▶ [TASK TO COMPLETE]
Check each line of the records below for the string "smaller", then state how many lines contain it, with no other output.

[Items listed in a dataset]

____

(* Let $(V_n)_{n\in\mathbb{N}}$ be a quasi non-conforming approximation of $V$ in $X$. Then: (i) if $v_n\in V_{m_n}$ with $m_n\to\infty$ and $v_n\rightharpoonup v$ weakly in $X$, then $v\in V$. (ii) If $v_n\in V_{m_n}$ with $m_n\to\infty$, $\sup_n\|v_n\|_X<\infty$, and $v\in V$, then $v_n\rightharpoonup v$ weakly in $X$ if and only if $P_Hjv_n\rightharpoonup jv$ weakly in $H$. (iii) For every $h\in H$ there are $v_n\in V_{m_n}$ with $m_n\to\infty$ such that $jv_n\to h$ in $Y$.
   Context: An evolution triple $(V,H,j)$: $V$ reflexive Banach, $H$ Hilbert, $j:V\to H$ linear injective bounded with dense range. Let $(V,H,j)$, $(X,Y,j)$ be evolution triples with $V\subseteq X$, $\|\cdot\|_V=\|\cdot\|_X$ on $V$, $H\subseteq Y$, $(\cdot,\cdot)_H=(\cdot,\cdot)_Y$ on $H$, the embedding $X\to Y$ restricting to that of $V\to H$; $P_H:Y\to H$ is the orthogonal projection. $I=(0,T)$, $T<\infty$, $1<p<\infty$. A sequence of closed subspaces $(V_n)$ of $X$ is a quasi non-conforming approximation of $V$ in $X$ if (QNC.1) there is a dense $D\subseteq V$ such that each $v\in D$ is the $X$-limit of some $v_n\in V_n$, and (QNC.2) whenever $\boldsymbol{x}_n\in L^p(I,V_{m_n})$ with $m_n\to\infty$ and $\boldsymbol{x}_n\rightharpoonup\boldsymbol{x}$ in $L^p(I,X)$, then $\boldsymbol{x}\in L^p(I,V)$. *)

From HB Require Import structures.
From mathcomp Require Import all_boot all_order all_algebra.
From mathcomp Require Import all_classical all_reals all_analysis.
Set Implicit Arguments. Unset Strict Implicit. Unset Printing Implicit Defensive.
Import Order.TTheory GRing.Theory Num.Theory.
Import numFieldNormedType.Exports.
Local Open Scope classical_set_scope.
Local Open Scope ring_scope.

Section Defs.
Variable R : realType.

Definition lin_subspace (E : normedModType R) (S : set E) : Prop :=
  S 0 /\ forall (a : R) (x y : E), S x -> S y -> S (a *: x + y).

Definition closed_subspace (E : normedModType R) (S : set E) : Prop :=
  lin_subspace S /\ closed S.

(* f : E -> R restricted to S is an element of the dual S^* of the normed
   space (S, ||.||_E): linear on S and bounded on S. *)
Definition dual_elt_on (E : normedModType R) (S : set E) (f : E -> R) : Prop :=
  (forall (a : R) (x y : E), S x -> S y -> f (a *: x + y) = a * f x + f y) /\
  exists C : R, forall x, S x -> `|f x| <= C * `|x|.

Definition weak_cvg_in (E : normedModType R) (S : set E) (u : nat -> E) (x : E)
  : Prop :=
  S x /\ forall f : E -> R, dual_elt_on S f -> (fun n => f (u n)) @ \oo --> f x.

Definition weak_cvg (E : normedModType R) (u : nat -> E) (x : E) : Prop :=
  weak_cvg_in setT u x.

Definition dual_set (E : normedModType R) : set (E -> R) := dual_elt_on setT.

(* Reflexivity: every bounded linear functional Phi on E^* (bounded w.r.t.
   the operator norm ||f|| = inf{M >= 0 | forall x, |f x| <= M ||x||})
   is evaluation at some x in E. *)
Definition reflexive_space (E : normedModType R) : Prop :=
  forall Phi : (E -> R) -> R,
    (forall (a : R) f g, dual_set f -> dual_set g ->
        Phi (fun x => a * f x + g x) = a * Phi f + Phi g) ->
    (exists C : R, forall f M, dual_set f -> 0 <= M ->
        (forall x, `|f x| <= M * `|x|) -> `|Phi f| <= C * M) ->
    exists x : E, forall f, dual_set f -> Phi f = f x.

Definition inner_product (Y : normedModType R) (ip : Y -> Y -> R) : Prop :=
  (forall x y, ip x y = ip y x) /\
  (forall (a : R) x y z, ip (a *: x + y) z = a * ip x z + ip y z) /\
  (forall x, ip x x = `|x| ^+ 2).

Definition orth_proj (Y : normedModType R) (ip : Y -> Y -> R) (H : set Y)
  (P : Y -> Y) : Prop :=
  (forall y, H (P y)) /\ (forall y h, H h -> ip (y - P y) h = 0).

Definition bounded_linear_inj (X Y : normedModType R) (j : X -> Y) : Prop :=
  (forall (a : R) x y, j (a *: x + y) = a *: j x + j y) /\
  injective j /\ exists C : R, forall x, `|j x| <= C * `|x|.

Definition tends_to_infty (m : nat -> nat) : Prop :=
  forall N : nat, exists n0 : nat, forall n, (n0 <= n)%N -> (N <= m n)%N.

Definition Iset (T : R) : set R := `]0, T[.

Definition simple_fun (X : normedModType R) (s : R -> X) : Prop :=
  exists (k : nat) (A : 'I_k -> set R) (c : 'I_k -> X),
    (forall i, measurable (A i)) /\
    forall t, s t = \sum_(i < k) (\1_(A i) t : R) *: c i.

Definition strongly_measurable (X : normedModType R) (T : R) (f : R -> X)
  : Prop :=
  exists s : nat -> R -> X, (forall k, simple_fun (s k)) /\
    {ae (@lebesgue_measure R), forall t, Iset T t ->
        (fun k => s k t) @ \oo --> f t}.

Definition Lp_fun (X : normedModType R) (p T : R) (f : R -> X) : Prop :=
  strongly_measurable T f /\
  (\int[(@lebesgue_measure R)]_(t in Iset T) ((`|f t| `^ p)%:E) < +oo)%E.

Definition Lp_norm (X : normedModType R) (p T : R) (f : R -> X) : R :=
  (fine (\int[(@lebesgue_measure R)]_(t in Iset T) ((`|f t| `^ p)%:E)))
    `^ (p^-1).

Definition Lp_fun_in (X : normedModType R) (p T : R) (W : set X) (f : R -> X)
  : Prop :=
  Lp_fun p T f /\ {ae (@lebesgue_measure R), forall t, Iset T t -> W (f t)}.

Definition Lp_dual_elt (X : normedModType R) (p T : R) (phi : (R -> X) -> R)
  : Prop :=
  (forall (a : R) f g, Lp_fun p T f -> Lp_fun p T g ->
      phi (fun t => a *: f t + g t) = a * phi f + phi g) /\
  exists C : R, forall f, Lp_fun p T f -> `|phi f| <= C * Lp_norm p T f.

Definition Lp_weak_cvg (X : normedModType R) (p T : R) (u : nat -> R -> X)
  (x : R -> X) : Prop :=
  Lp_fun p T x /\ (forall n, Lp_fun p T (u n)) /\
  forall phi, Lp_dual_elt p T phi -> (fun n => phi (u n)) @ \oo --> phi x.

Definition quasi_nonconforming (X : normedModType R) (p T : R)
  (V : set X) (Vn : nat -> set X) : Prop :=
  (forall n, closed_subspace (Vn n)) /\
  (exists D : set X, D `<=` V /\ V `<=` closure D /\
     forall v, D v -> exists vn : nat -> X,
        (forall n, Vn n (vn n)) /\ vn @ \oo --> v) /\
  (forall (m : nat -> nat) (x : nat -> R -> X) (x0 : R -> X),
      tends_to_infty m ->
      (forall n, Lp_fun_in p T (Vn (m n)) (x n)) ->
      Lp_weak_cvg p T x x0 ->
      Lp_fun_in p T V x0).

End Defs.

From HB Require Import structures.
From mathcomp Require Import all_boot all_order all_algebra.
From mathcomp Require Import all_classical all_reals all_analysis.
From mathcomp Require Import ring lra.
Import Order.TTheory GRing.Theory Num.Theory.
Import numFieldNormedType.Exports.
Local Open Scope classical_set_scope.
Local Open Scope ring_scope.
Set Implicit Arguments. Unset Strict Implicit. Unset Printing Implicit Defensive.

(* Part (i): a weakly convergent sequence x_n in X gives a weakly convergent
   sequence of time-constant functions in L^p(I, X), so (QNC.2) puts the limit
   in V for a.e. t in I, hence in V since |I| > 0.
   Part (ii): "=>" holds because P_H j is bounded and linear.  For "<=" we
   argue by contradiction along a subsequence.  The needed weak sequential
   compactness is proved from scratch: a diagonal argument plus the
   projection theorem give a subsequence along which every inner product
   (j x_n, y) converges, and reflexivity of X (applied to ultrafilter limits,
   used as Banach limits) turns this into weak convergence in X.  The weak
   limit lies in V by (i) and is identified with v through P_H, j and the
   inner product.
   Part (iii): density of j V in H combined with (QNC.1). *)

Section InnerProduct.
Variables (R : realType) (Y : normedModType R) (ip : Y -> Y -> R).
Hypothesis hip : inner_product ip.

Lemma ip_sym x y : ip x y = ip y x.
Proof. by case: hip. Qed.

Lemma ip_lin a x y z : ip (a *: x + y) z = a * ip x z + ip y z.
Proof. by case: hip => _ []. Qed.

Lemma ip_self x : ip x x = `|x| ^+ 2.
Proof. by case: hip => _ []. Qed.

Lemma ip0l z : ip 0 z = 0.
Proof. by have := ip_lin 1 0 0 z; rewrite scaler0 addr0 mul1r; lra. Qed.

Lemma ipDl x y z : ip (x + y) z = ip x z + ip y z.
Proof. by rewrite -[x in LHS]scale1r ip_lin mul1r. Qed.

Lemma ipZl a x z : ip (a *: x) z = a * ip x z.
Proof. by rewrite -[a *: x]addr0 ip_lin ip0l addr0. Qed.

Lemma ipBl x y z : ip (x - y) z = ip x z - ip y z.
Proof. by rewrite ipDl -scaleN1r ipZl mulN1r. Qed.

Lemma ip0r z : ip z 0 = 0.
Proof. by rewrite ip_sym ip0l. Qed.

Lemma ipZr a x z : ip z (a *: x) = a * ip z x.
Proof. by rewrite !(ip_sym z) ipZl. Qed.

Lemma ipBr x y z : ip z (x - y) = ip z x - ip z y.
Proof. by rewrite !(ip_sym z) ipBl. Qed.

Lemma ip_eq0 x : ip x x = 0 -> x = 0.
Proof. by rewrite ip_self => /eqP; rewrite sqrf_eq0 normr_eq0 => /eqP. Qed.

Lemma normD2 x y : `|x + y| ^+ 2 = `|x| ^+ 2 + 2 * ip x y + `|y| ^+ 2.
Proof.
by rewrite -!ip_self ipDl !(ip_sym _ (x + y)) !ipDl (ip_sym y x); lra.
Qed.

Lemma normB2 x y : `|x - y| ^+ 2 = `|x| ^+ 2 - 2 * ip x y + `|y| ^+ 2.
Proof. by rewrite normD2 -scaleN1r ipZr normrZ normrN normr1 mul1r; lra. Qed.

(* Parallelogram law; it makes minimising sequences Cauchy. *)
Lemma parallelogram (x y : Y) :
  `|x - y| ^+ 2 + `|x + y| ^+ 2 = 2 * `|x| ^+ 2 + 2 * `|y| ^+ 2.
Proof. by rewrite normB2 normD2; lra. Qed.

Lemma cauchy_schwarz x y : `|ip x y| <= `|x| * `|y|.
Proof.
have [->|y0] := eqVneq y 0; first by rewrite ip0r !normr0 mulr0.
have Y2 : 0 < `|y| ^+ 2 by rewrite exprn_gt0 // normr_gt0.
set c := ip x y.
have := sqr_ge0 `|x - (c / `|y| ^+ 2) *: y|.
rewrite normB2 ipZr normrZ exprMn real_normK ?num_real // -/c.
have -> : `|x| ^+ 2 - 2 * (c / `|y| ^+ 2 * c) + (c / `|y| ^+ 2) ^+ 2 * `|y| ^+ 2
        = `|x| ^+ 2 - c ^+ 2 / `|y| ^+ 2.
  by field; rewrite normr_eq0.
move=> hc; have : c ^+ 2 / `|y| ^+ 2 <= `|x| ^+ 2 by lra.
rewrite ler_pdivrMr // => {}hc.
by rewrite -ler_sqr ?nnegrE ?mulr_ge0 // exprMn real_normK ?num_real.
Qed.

____

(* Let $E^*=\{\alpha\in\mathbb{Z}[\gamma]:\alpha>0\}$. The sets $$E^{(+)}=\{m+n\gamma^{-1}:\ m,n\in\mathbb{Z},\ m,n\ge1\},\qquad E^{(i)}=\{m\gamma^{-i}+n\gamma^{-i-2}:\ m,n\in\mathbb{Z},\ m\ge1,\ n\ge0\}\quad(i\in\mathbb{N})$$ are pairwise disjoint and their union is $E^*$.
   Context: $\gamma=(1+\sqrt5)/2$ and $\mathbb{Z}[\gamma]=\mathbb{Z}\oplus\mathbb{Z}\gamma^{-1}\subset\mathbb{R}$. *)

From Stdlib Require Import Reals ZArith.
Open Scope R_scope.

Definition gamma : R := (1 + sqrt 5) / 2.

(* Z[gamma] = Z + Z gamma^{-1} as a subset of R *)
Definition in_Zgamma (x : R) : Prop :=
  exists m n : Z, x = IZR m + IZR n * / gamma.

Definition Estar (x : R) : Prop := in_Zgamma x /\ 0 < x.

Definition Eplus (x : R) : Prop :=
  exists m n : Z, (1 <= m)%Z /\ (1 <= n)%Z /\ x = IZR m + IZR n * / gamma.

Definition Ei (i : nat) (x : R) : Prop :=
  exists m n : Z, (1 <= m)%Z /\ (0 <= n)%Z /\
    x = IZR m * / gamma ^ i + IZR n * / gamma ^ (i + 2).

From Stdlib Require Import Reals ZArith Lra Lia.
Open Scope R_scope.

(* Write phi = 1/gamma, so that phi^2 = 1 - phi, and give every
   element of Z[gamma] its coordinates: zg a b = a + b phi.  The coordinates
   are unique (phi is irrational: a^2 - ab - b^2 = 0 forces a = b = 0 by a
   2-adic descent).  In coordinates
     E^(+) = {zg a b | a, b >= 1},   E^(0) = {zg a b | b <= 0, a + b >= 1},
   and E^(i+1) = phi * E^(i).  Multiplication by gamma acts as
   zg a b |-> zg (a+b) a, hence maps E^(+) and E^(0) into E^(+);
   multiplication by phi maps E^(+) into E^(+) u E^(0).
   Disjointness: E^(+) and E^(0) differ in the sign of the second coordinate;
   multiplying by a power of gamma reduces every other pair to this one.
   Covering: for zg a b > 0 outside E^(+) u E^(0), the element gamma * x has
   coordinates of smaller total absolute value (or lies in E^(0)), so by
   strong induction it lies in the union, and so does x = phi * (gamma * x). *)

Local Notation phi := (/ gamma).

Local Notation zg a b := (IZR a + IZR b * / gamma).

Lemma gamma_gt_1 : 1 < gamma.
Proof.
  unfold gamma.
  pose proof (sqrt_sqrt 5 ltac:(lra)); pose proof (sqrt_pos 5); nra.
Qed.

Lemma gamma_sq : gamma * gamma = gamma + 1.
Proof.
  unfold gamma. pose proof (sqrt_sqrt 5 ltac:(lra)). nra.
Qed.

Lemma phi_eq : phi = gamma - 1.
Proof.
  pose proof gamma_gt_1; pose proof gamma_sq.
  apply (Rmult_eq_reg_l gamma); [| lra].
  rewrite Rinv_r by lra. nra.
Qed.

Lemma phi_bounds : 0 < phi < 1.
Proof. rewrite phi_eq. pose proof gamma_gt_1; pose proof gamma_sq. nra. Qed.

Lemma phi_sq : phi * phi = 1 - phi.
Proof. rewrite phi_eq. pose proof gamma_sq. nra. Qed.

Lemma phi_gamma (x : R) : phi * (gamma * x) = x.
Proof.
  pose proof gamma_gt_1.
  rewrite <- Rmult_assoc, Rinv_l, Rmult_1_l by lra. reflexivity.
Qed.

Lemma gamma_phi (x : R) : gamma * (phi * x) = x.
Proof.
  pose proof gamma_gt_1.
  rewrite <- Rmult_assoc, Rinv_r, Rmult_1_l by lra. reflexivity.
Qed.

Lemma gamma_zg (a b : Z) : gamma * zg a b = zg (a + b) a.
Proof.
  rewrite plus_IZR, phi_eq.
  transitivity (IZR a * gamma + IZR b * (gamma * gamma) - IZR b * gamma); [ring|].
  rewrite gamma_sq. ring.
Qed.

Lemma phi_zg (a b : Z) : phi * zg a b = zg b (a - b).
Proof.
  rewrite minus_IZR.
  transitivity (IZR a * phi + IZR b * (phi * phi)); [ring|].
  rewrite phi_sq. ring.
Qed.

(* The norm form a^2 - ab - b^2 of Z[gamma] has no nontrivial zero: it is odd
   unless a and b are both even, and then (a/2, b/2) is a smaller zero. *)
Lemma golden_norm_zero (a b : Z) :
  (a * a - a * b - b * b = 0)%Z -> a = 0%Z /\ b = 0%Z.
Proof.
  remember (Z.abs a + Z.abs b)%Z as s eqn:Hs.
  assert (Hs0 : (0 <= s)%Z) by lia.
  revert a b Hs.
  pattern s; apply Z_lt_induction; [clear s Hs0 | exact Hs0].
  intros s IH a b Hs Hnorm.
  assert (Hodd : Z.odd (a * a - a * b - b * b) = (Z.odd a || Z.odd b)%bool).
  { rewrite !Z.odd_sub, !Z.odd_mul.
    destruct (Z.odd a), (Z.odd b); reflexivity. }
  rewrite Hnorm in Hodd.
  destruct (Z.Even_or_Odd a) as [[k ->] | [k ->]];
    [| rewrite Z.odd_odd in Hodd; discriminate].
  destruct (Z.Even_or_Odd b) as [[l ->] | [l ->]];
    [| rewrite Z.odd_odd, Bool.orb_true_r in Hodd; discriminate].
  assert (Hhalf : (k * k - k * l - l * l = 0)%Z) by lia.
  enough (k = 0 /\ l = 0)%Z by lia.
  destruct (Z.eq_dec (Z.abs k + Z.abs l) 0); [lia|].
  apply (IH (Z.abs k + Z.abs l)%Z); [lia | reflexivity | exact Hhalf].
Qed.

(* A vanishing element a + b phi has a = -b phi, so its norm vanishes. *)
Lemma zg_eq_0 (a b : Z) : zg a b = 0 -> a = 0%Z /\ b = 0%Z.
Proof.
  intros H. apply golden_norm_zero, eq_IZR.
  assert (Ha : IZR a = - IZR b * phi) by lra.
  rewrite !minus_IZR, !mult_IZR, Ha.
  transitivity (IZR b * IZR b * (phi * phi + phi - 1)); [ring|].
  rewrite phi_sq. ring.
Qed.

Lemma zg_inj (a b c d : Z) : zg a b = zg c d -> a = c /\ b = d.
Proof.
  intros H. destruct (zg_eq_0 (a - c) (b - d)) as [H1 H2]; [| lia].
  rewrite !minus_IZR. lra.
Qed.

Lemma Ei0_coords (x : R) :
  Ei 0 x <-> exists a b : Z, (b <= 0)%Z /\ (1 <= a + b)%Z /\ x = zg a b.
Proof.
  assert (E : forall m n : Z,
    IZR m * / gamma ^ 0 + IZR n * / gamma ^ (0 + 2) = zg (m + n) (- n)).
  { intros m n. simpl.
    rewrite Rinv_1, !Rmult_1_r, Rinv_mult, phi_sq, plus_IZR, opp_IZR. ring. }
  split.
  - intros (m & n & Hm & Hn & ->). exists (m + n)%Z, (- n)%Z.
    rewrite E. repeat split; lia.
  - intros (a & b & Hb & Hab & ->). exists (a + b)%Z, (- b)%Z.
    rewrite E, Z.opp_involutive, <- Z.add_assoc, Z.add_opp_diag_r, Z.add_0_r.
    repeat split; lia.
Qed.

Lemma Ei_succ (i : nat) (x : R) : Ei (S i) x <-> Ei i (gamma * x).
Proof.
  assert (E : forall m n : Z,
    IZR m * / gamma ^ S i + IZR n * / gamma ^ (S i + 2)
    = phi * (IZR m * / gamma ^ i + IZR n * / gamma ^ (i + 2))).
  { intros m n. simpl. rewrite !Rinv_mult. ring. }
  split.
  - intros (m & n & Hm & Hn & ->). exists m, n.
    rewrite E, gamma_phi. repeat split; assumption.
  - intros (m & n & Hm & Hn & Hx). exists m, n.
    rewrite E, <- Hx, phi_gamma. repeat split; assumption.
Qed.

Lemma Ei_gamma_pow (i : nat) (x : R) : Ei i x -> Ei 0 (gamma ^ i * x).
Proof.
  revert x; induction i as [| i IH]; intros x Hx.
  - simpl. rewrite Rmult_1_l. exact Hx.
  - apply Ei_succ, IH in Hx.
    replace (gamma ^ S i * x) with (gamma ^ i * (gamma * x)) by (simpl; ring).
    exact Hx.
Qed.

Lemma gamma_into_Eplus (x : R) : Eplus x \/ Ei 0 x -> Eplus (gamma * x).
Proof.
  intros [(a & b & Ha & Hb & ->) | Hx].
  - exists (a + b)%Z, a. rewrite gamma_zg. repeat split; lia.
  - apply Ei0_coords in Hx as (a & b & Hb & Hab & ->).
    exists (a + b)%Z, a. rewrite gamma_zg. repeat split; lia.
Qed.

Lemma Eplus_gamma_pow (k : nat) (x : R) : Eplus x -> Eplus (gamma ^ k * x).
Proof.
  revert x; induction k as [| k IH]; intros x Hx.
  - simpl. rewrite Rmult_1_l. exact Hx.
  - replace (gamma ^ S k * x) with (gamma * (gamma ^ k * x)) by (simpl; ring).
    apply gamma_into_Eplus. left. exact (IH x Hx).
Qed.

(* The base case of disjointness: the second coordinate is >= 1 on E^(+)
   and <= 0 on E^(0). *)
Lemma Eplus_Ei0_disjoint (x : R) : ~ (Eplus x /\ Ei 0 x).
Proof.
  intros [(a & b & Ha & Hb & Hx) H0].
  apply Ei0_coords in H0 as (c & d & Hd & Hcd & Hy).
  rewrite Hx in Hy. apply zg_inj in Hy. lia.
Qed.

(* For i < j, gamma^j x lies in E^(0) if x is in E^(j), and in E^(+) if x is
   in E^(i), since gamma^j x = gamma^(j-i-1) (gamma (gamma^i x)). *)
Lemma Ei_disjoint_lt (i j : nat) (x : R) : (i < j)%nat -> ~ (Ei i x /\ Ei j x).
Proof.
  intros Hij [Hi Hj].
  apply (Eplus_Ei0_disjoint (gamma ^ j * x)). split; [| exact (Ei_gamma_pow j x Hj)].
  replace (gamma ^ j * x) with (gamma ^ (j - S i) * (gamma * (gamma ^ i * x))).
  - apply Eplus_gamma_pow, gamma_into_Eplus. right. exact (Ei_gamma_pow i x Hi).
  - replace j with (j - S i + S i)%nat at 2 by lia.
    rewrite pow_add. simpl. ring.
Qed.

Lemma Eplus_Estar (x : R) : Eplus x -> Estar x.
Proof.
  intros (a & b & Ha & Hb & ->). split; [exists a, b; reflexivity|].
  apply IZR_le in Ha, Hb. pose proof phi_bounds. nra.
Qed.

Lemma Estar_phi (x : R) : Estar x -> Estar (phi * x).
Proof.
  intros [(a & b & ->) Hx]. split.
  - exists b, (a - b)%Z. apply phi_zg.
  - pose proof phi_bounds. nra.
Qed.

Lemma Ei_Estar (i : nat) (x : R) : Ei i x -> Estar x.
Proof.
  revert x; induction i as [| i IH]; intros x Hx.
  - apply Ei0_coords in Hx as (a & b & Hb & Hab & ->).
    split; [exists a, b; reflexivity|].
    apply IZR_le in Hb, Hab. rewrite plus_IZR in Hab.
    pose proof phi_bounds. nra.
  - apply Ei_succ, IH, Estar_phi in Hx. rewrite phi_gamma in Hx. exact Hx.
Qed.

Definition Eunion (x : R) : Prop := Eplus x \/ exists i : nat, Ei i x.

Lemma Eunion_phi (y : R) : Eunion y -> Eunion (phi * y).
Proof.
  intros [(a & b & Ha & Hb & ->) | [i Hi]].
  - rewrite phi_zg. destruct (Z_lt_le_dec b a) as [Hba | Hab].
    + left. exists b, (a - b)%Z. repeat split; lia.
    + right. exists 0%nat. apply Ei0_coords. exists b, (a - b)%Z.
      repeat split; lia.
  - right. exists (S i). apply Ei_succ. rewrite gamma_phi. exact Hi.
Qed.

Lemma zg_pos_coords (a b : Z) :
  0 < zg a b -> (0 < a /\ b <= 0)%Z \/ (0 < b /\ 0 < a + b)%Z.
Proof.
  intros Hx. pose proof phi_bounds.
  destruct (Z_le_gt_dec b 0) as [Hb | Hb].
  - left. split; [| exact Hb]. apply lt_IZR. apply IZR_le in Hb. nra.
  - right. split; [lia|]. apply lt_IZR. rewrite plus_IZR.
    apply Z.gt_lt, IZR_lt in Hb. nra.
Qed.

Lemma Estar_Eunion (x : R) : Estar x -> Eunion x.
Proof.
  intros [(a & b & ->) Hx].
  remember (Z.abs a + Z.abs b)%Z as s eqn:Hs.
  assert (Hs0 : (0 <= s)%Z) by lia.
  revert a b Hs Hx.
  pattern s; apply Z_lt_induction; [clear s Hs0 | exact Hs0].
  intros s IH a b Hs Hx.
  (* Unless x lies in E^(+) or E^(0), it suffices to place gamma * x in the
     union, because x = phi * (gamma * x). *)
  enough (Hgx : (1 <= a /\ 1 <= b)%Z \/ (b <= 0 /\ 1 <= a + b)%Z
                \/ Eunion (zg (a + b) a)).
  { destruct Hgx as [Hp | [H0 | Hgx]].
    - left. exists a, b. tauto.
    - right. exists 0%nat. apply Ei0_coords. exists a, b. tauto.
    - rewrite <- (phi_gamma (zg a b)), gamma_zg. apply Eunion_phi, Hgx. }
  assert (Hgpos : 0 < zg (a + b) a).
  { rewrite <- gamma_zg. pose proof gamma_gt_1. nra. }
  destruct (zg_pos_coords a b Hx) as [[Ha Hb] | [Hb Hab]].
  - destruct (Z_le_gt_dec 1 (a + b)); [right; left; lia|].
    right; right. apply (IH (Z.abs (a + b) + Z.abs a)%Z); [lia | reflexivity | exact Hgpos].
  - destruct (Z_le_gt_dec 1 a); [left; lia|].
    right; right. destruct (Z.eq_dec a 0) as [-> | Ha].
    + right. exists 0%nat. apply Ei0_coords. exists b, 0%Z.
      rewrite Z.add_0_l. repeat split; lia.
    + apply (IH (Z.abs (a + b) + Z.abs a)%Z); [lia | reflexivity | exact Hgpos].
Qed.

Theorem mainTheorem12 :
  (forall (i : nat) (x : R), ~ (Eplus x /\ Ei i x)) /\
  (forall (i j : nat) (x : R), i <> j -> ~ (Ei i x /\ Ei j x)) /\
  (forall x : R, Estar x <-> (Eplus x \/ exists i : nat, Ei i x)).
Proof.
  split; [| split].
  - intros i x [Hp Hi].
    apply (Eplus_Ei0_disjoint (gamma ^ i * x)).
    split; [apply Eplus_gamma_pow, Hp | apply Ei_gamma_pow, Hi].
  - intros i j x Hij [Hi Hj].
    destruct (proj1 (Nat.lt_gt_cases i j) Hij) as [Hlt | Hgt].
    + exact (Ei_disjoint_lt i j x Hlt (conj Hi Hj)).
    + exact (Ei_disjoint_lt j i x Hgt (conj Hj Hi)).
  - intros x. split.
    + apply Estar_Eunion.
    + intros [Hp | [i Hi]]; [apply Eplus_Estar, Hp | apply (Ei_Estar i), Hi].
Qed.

____

▶ [RESULT FOR THIS EXERCISE]
2